Exercise directions: Below is a block of entries; repeat exactly the lines starting at the line that contains "From HB Require Import structures." and ending at the line that contains "Definition mfng_E (X", both included.

Given information:
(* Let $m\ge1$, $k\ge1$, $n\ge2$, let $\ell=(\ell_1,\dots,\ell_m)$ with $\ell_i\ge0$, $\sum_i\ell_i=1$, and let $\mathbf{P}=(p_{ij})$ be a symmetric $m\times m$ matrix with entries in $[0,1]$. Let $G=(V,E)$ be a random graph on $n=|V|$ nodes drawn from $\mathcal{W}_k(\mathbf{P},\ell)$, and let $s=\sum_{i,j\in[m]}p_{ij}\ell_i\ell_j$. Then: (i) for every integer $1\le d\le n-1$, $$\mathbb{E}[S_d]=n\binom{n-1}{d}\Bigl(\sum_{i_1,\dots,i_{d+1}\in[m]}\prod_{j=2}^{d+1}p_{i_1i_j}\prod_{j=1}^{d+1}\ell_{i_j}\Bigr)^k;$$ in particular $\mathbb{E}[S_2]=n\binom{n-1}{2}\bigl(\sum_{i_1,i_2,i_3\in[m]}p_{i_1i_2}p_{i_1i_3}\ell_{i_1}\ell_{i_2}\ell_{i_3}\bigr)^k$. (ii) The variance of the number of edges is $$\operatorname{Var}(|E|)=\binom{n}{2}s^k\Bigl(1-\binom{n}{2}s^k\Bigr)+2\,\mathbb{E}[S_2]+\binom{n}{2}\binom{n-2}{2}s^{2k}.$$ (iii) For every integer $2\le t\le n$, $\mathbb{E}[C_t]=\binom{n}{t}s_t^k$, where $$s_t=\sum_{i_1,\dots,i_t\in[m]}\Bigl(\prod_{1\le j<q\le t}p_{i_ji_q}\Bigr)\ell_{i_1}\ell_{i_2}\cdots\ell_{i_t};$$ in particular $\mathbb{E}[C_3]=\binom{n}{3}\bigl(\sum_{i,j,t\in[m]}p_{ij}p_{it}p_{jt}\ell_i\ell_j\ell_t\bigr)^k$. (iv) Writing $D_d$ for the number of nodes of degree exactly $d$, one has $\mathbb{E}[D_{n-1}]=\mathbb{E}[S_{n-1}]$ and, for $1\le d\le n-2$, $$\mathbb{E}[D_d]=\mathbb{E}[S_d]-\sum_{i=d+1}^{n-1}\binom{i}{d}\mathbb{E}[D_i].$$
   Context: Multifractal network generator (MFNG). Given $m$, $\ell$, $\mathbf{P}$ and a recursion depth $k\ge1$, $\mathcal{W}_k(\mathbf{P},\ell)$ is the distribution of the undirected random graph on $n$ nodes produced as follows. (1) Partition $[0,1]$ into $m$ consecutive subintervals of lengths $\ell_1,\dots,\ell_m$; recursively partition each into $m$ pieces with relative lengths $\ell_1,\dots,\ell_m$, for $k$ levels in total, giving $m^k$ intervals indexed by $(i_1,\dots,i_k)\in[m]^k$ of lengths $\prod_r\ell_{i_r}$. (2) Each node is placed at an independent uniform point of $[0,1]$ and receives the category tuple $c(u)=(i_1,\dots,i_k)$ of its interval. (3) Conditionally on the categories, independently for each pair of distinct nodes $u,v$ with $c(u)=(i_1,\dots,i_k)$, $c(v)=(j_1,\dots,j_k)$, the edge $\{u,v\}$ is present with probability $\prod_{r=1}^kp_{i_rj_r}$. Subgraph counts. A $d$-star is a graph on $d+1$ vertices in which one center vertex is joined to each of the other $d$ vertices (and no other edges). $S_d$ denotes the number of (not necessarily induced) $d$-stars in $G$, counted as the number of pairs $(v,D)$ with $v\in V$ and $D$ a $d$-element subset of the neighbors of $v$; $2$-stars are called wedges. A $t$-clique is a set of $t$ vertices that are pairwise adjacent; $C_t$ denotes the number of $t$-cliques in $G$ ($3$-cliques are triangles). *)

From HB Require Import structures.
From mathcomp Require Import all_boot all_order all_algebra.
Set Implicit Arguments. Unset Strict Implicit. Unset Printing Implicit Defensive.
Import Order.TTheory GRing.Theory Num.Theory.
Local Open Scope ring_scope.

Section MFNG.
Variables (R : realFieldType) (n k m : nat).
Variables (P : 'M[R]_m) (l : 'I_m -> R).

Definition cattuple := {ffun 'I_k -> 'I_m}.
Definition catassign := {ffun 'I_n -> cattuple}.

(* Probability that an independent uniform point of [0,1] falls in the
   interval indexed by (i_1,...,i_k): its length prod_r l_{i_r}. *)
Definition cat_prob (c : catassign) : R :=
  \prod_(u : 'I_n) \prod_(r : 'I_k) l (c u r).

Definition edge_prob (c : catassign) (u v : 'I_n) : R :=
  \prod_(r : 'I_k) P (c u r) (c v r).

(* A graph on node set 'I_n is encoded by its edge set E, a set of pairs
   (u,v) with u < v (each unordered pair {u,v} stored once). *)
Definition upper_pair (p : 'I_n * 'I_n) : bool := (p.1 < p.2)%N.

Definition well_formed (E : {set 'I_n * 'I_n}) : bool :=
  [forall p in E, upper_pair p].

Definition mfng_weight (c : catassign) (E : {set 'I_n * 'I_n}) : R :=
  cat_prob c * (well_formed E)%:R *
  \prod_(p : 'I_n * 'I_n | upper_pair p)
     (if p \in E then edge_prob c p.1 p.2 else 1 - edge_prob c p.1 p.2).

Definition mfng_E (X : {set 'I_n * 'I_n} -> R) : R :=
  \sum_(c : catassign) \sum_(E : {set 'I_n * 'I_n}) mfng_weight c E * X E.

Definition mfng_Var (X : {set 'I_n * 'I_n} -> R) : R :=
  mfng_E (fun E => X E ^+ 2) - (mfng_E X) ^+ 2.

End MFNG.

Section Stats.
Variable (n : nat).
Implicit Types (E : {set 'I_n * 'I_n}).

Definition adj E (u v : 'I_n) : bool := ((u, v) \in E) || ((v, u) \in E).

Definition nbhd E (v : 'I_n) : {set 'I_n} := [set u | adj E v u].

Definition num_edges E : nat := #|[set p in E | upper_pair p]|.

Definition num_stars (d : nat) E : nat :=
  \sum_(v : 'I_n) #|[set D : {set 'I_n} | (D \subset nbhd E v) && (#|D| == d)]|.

Task response:
From HB Require Import structures.
From mathcomp Require Import all_boot all_order all_algebra.
Set Implicit Arguments. Unset Strict Implicit. Unset Printing Implicit Defensive.
Import Order.TTheory GRing.Theory Num.Theory.
Local Open Scope ring_scope.

Section MFNG.
Variables (R : realFieldType) (n k m : nat).
Variables (P : 'M[R]_m) (l : 'I_m -> R).

Definition cattuple := {ffun 'I_k -> 'I_m}.
Definition catassign := {ffun 'I_n -> cattuple}.

(* Probability that an independent uniform point of [0,1] falls in the
   interval indexed by (i_1,...,i_k): its length prod_r l_{i_r}. *)
Definition cat_prob (c : catassign) : R :=
  \prod_(u : 'I_n) \prod_(r : 'I_k) l (c u r).

Definition edge_prob (c : catassign) (u v : 'I_n) : R :=
  \prod_(r : 'I_k) P (c u r) (c v r).

(* A graph on node set 'I_n is encoded by its edge set E, a set of pairs
   (u,v) with u < v (each unordered pair {u,v} stored once). *)
Definition upper_pair (p : 'I_n * 'I_n) : bool := (p.1 < p.2)%N.

Definition well_formed (E : {set 'I_n * 'I_n}) : bool :=
  [forall p in E, upper_pair p].

Definition mfng_weight (c : catassign) (E : {set 'I_n * 'I_n}) : R :=
  cat_prob c * (well_formed E)%:R *
  \prod_(p : 'I_n * 'I_n | upper_pair p)
     (if p \in E then edge_prob c p.1 p.2 else 1 - edge_prob c p.1 p.2).

Definition mfng_E (X : {set 'I_n * 'I_n} -> R) : R :=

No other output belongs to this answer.